Uma medida tomada a fim de prevenir a violência obstétrica em casos de emergência é a elaboração do plano de parto, o qual é definido com antecedência junto ao médico obstetra responsável pelo acompanhamento com as preferências da parturiente. Antes que qualquer decisão venha a se tornar parte do plano de parto da gestante, é necessário que haja flexibilidade para todos os questionamentos possíveis, até que a parturiente se sinta confiante e tranquila. Essa ferramenta também se faz eficaz na ampliação da autonomia das pacientes garantindo que suas vontades e escolhas relacionadas ao parir sejam respeitadas e acolhidas.

Infelizmente no Brasil ainda não existe uma lei que defina ou puna violência obstétrica, porém a Organização Mundial da Saúde (OMS) defende que isso deve ser tratado como uma violação dos direitos humanos. Em 2011, foi sancionada a Rede Cegonha, que se trata de uma estratégia ofertada pelo Mistério da Saúde e tem como intuito oferecer aos estados e municípios condições, sejam elas profissionais ou estruturais, para que haja uma ampliação do acompanhamento às gestantes de forma humanizada do pré-natal ao parto, o que reduziu as taxas de violência obstétrica, além de muitos hospitais já possuírem um setor próprio voltado para a ampliação da humanização no cuidado.

Podemos afirmar que essas mudanças foram e são de grande valia no que diz respeito ao acolhimento de gestantes e prevenção da violência obstétrica, mas ainda há muito o que se fazer.

Autora: Yasmin Clara Fernandes

O texto é de total responsabilidade do autor e não representa a visão da sanar sobre o assunto.

Observação: esse material foi produzido durante vigência do Programa de colunistas Sanar. A iniciativa foi descontinuada em junho de 2022, mas a Sanar decidiu preservar todo o histórico e trabalho realizado por reconhecer o esforço empenhado pelos participantes e o valor do conteúdo produzido.

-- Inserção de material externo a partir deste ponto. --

Lemma is_line_pcomp (a b : PI X) A D :
  is_line (pcomp a b) A D <-> exists B, is_line a A B /\ is_line b B D.
Proof.
  split.
  - intros HAD; pose proof HAD as [[x Ax] [[d Dd] _]].
    assert (Hxd : prel (pcomp a b) (inl x) (inr d))
      by (apply (is_line_block _ A D); assumption).
    destruct Hxd as [E|[p [q [L [Px Pd]]]]]; [discriminate|].
    assert (Hblk : forall t, in_line A D t <-> pin X a b p q t).
    { intro t; rewrite <- (is_line_block _ A D (inl x) HAD Ax), (pcomp_block a b p q); tauto. }
    destruct L as [Lpq _].
    exists (fun y => prel a (inr p) (inr y)); split.
    + split; [exists x; exact Ax | split; [exists p; apply prel_refl|]].
      exists (inr p); intros [z|z]; [symmetry; exact (Hblk (inl z)) | reflexivity].
    + split; [exists p; apply prel_refl | split; [exists d; exact Dd|]].
      exists (inl q); intros [z|z]; [symmetry; apply Lpq | symmetry; exact (Hblk (inr z))].
  - intros [B [HAB HBD]].
    pose proof HAB as [[x Ax] [[y By] _]]; pose proof HBD as [_ [[d Dd] _]].
    assert (Ha := is_line_block a A B (inr y) HAB By).
    assert (Hb := is_line_block b B D (inl y) HBD By).
    assert (L : plink X a b y y).
    { split; [intro z; rewrite (Ha (inr z)), (Hb (inl z)); reflexivity|].
      split; [exists x; apply Ha, Ax | exists d; apply Hb, Dd]. }
    split; [exists x; exact Ax | split; [exists d; exact Dd|]].
    exists (inl x); intro t; rewrite (pcomp_block a b y y (inl x) t L (proj2 (Ha (inl x)) Ax)).
    destruct t as [z|z]; [apply (Ha (inl z)) | apply (Hb (inr z))].
Qed.

End Lines.

Section OfPer.
Context {X : Type} (R : X + X -> X + X -> Prop)
  (R_sym : forall u v, R u v -> R v u)
  (R_trans : forall u v w, R u v -> R v w -> R u w).

Definition meets_both_sides (u : X + X) : Prop :=
  (exists x, R u (inl x)) /\ (exists y, R u (inr y)).

Definition per_rel (u v : X + X) : Prop := u = v \/ (R u v /\ meets_both_sides u).

Lemma per_rel_refl u : per_rel u u.
Proof. left; reflexivity. Qed.

Lemma per_rel_sym u v : per_rel u v -> per_rel v u.
Proof.
  intros [<-|[Huv [[x Hx] [y Hy]]]]; [left; reflexivity|].
  right; split; [apply R_sym, Huv|].
  split; [exists x | exists y]; apply R_trans with u; auto.
Qed.

Lemma per_rel_trans u v w : per_rel u v -> per_rel v w -> per_rel u w.
Proof.
  intros [<-|[Huv Hu]]; [tauto|].
  intros [<-|[Hvw _]]; right; [|split; [apply R_trans with v|]]; auto.
Qed.

Lemma per_rel_block u v : per_rel u v -> u <> v ->
  (exists x, per_rel u (inl x)) /\ (exists y, per_rel u (inr y)).
Proof.
  intros [E|[_ Hu]] Hne; [contradiction|].
  pose proof Hu as [[x Hx] [y Hy]].
  split; [exists x | exists y]; right; auto.
Qed.

Definition of_per : PI X :=
  mkPI X per_rel per_rel_refl per_rel_sym per_rel_trans per_rel_block.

Referências Bibliográficas

ANDRADE, Briena Padilha; AGGIO, Cristiane de Melo. Violência obstétrica: a dor que cala. Anais do III Simpósio Gênero e Políticas Públicas. Londrina: Universidade Estadual de Londrina, 2014.

DO PRINCÍPIO, Rede Parto. Violência obstétrica “parirás com dor”. 2012.

LANSKY, Sônia et al. Violência obstétrica: influência da Exposição Sentidos do Nascer na vivência das gestantes. Ciência & Saúde Coletiva, v. 24, p. 2811-2824, 2019.

MEDINA, Graciela. Violencia obstétrica. Revista de Derecho y Familia de las Personas, v. 4, n. 1, p. 1-4, 2009.

PEREIRA, Carlota; DOMÍNGUEZ, Alexa; TORO, Judith. Violencia obstétrica desde la perspectiva de la paciente. Revista de Obstetricia y Ginecología de Venezuela, v. 75, n. 2, p. 081-090, 2015.